Email-home WebEx works with the customer’s existing infrastructure, which reduces phone line costs. WebEx allows the customer to control, observe, and monitor a remote support session.
Secure Remote Support IP is EMC’s latest remote support innovation; it uses a high-speed, reliable, secure, IP-based connection. It addresses corporate and industry security compliance regulations by offering features such as encryption, authentication, audit, and authorization. EMC support is not limited to hardware and software solutions; EMC also takes full advantage of its skilled customer support team. Onsite and remote support professionals work in tandem to quickly and effectively remedy any issues proactively.
Audience
This technical notes document is intended for EMC employees, partners, IT planners, storage architects, administrators, and any others involved in evaluating, acquiring, managing, operating, or designing an EMC networked storage environment.
Overview
Overview
EMC Secure Remote Support solutions alert EMC when an abnormal event occurs on a CLARiiON storage system. These solutions enable EMC to connect remotely to a CLARiiON storage system to diagnose and, in some cases, resolve problems. EMC’s Secure Remote Support suite includes the following two solutions:
The email-home WebEx solution.
The EMC Secure Remote IP solution. This solution has two options:
o The ESRS IP Gateway Client
o The ESRS IP Device Client, also called the EMCSecure Remote Support IP Client
These solutions allow outbound communications to EMC, as well as inbound communications that can remotely access the storage system. Historically, many customers have chosen the modem-based (dial-in and
dial-home) solution because it is simple and effective. In the modem-based solution, the dial-home feature allows a CLARiiON storage system to alert EMC when an event occurs. The dial-infeature allows EMC to remotely access the CLARiiON storage system through the modem.
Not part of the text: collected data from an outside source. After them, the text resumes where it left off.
(* Let $A\in\mathbb{R}^{n\times n}$, $B\in\mathbb{R}^{n\times m}$, $L\in\mathbb{R}^{n\times m}$, $R\in\mathbb{R}^{m\times m}$ with $R$ symmetric positive definite, and $A_0^i\in\mathbb{R}^{n\times n}$, $B_0^i\in\mathbb{R}^{n\times m}$ for $i=1,\dots,r$. If the pair $(A,B)$ is stabilizable, then for every symmetric positive semidefinite $\widetilde X\in\mathbb{R}^{n\times n}$ the pair $\big(A_{\mathrm c}(\widetilde X),\,G_{\mathrm c}(\widetilde X)\big)$ is stabilizable, where $A_{\mathrm c}(X)=A-B\,[R_{\mathrm c}(X)]^{-1}[L_{\mathrm c}(X)]^{\mathsf T}$, $G_{\mathrm c}(X)=B\,[R_{\mathrm c}(X)]^{-1}B^{\mathsf T}$, $L_{\mathrm c}(X)=L+\sum_{i=1}^r (A_0^i)^{\mathsf T}XB_0^i$, $R_{\mathrm c}(X)=R+\sum_{i=1}^r (B_0^i)^{\mathsf T}XB_0^i$.
   Context: A pair $(A,G)$ with $A,G\in\mathbb{R}^{n\times n}$ (or $(A,B)$ with $B\in\mathbb{R}^{n\times m}$) is stabilizable if there is no nonzero $y\in\mathbb{C}^n$ and $\lambda\in\mathbb{C}$ with $\mathrm{Re}(\lambda)\ge 0$ such that $y^{\mathsf H}[A-\lambda I,\ G]=0$ (resp. $y^{\mathsf H}[A-\lambda I,\ B]=0$). For $X\succeq 0$, $R_{\mathrm c}(X)\succeq R\succ 0$ is invertible. *)

From HB Require Import structures.
From mathcomp Require Import all_boot all_order all_algebra.
From mathcomp Require Import complex.
Set Implicit Arguments. Unset Strict Implicit. Unset Printing Implicit Defensive.
Import Order.TTheory GRing.Theory Num.Theory.
Local Open Scope ring_scope.

Definition cmx (R : rcfType) (p q : nat) (M : 'M[R]_(p, q)) : 'M[R[i]]_(p, q) :=
  map_mx (fun x => (x%:C)%C) M.

Definition ctmx (R : rcfType) (p q : nat) (M : 'M[R[i]]_(p, q)) : 'M[R[i]]_(q, p) :=
  (map_mx (@conjc R) M)^T.

Definition stabilizable (R : rcfType) (n k : nat)
    (A : 'M[R]_n) (G : 'M[R]_(n, k)) : Prop :=
  ~ exists (y : 'cV[R[i]]_n) (lam : R[i]),
      [/\ y != 0, 0 <= complex.Re lam &
          ctmx y *m row_mx (cmx A - lam%:M) (cmx G) = 0].

Definition symmetricmx (R : rcfType) (n : nat) (M : 'M[R]_n) : Prop := M^T = M.

Definition posdef (R : rcfType) (n : nat) (M : 'M[R]_n) : Prop :=
  symmetricmx M /\ forall x : 'cV[R]_n, x != 0 -> 0 < (x^T *m M *m x) 0 0.

Definition psd (R : rcfType) (n : nat) (M : 'M[R]_n) : Prop :=
  symmetricmx M /\ forall x : 'cV[R]_n, 0 <= (x^T *m M *m x) 0 0.

Section Riccati.
Variables (R : rcfType) (n m r : nat).
Variables (A : 'M[R]_n) (B L : 'M[R]_(n, m)) (Rw : 'M[R]_m)
          (A0 : 'I_r -> 'M[R]_n) (B0 : 'I_r -> 'M[R]_(n, m)).

Definition Lc (X : 'M[R]_n) : 'M[R]_(n, m) :=
  L + \sum_(i < r) (A0 i)^T *m X *m B0 i.
Definition Rc (X : 'M[R]_n) : 'M[R]_m :=
  Rw + \sum_(i < r) (B0 i)^T *m X *m B0 i.
Definition Ac (X : 'M[R]_n) : 'M[R]_n :=
  A - B *m invmx (Rc X) *m (Lc X)^T.
Definition Gc (X : 'M[R]_n) : 'M[R]_n :=
  B *m invmx (Rc X) *m B^T.
End Riccati.

(* If y^H [A_c - lam I, G_c] = 0, then the G_c block gives y^H B R_c^-1 B^T y = 0.
   Since R_c = R + sum (B_0^i)^T X B_0^i is positive definite, so is the Hermitian
   form of R_c^-1, whence y^H B = 0.  Then y^H A_c = y^H A, and the same y and lam
   show that (A, B) is not stabilizable. *)
From Pilot Require Import Defs.
From mathcomp Require Import all_boot all_order all_algebra.
From mathcomp Require Import complex ring lra.
Import Order.TTheory GRing.Theory Num.Theory.
Local Open Scope ring_scope.

Section ComplexEmbedding.
Context {R : rcfType}.

Lemma cmx1 k : cmx (1%:M : 'M[R]_k) = 1%:M.
Proof. by apply/matrixP => i j; rewrite !mxE; case: (i == j). Qed.

Lemma cmxM p q s (P : 'M[R]_(p, q)) (Q : 'M[R]_(q, s)) :
  cmx (P *m Q) = cmx P *m cmx Q.
Proof. exact: (map_mxM (real_complex R)). Qed.

Lemma cmxB p q (P Q : 'M[R]_(p, q)) : cmx (P - Q) = cmx P - cmx Q.
Proof. exact: (map_mxB (real_complex R)). Qed.

Lemma ctmxM p q s (P : 'M[R[i]]_(p, q)) (Q : 'M[R[i]]_(q, s)) :
  ctmx (P *m Q) = ctmx Q *m ctmx P.
Proof. by rewrite /ctmx (map_mxM (@conjc R)) trmx_mul. Qed.

Lemma ctmxK p q (P : 'M[R[i]]_(p, q)) : ctmx (ctmx P) = P.
Proof. by apply/matrixP => i j; rewrite !mxE conjcK. Qed.

Lemma ctmx_cmx p q (P : 'M[R]_(p, q)) : ctmx (cmx P) = cmx P^T.
Proof. by apply/matrixP => i j; rewrite !mxE conjc_real. Qed.

Lemma Re_cmx_form {k} (M : 'M[R]_k) (u : 'rV[R[i]]_k) :
  let a := map_mx (@complex.Re R) u in let b := map_mx (@complex.Im R) u in
  complex.Re ((u *m cmx M *m ctmx u) 0 0)
    = (a *m M *m a^T) 0 0 + (b *m M *m b^T) 0 0.
Proof.
rewrite /= !mxE raddf_sum -big_split /=; apply: eq_bigr => j _.
rewrite !mxE !big_distrl raddf_sum -big_split /=; apply: eq_bigr => i _.
by rewrite !mxE; case: (u 0 i) => p q; case: (u 0 j) => p' q' /=; ring.
Qed.

End ComplexEmbedding.

Section PositiveDefinite.
Context {R : rcfType} {k : nat} {M : 'M[R]_k}.
Hypothesis posM : posdef M.

Lemma posdef_row_form_ge0 (v : 'rV[R]_k) : 0 <= (v *m M *m v^T) 0 0.
Proof.
have [->|nz_v] := eqVneq v 0; first by rewrite !mul0mx mxE.
by apply/ltW; have := posM.2 v^T; rewrite trmxK trmx_eq0; apply.
Qed.

Lemma posdef_row_form_eq0 (v : 'rV[R]_k) : (v *m M *m v^T) 0 0 = 0 -> v = 0.
Proof.
move=> form0; apply/eqP; apply: contraT => nz_v.
by have := posM.2 v^T; rewrite trmxK trmx_eq0 form0 ltxx; apply.
Qed.

Lemma posdef_cmx_form_eq0 (u : 'rV[R[i]]_k) : u *m cmx M *m ctmx u = 0 -> u = 0.
Proof.
move=> form0; have := Re_cmx_form M u; rewrite form0 mxE /=.
set a := map_mx _ u; set b := map_mx _ u => formRe.
have ge0a := posdef_row_form_ge0 a; have ge0b := posdef_row_form_ge0 b.
have a0 : a = 0 by apply: posdef_row_form_eq0; lra.
have b0 : b = 0 by apply: posdef_row_form_eq0; lra.
apply/matrixP => i j; move/matrixP/(_ i j): a0; move/matrixP/(_ i j): b0.
by rewrite !mxE; case: (u i j) => p q /= -> ->.
Qed.

Lemma posdef_unitmx : M \in unitmx.
Proof.
rewrite unitmxE unitfE; apply/det0P => -[v nz_v vM0].
by move/eqP: nz_v; apply; apply: posdef_row_form_eq0; rewrite vM0 mul0mx mxE.
Qed.

(* With u := z M^-1 we have z = u M, so the form of M^-1 at z is the form of M at u. *)
Lemma posdef_invmx_cmx_form_eq0 (z : 'rV[R[i]]_k) :
  z *m cmx (invmx M) *m ctmx z = 0 -> z = 0.
Proof.
set u := z *m cmx (invmx M).
have zE : z = u *m cmx M by rewrite -mulmxA -cmxM mulVmx ?posdef_unitmx // cmx1 mulmx1.
rewrite {1}zE ctmxM ctmx_cmx posM.1 mulmxA => /posdef_cmx_form_eq0 u0.
by rewrite zE u0 mul0mx.
Qed.

End PositiveDefinite.

Lemma Rc_posdef {R : rcfType} {n m r : nat} {Rw : 'M[R]_m}
    (B0 : 'I_r -> 'M[R]_(n, m)) {X : 'M[R]_n} :
  posdef Rw -> psd X -> posdef (Rc Rw B0 X).
Proof.
move=> [symRw posRw] [symX psdX]; split.
  (* unqualified, [symmetricmx] would denote MathComp's sesquilinear notion *)
  rewrite /Defs.symmetricmx /Rc (raddfD (@trmx R m m)) (raddf_sum (@trmx R m m)).
  rewrite /= symRw; congr (_ + _).
  by apply: eq_bigr => i _; rewrite !trmx_mul trmxK symX mulmxA.
move=> x nz_x; rewrite /Rc mulmxDr mulmxDl mxE.
apply: (lt_le_trans (posRw x nz_x)); rewrite lerDl.
rewrite mulmx_sumr mulmx_suml summxE; apply: sumr_ge0 => i _.
have -> : x^T *m ((B0 i)^T *m X *m B0 i) *m x = (B0 i *m x)^T *m X *m (B0 i *m x).
  by rewrite trmx_mul !mulmxA.
exact: psdX.
Qed.

Lemma stabilizable_feedback {R : rcfType} {n m : nat} {A : 'M[R]_n}
    {B : 'M[R]_(n, m)} {S : 'M[R]_m} (K : 'M[R]_(m, n)) :
  posdef S -> stabilizable A B ->
  stabilizable (A - B *m K) (B *m invmx S *m B^T).
Proof.
move=> posS stabAB [y [lam [nz_y Re_lam]]].
rewrite mul_mx_row -row_mx0 => /eq_row_mx[yAK yG].
have yB0 : ctmx y *m cmx B = 0.
  apply: (posdef_invmx_cmx_form_eq0 posS).
  rewrite !cmxM !mulmxA in yG.
  by rewrite ctmxM ctmxK ctmx_cmx !mulmxA yG mul0mx.
apply: stabAB; exists y, lam; split => //.
move: yAK; rewrite cmxB cmxM !mulmxBr mulmxA yB0 mul0mx subr0 => yA.
by rewrite mul_mx_row mulmxBr yA yB0 row_mx0.
Qed.

Theorem lemma2p1 (R : rcfType) (n m r : nat)
    (A : 'M[R]_n) (B L : 'M[R]_(n, m)) (Rw : 'M[R]_m)
    (A0 : 'I_r -> 'M[R]_n) (B0 : 'I_r -> 'M[R]_(n, m)) :
  posdef Rw ->
  stabilizable A B ->
  forall Xt : 'M[R]_n, psd Xt ->
    stabilizable (Ac A B L Rw A0 B0 Xt) (Gc B Rw B0 Xt).
Proof.
move=> posRw stabAB Xt psdXt.
rewrite /Ac -mulmxA.
exact: stabilizable_feedback (Rc_posdef B0 posRw psdXt) stabAB.
Qed.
This modem-based solution is installed on a customer-supplied Windows workstation. It requires a dedicated phone line and is sometimes problematic, so EMC does not recommend this solution for remote support of CLARiiON storage systems. EMC will support upgrading the modem-based solutions to newer solutions and will eventually discontinue supporting all modem-based, remote support solutions.
The email-home WebEx solution is a newer solution that provides the same functionality as the modem-based solution. The email-home WebEx solution uses the customer’s email SMTP server to send alerts to EMC. At EMC, a service engineer can use a remote application called WebEx to remotely access the CLARiiON storage system. This solution is installed on a customer-supplied Windows workstation. With this solution, customers can control, observe, and monitor EMC’s remote support. Someone must be present at the customer site when diagnosing problems in CLARiiON environments.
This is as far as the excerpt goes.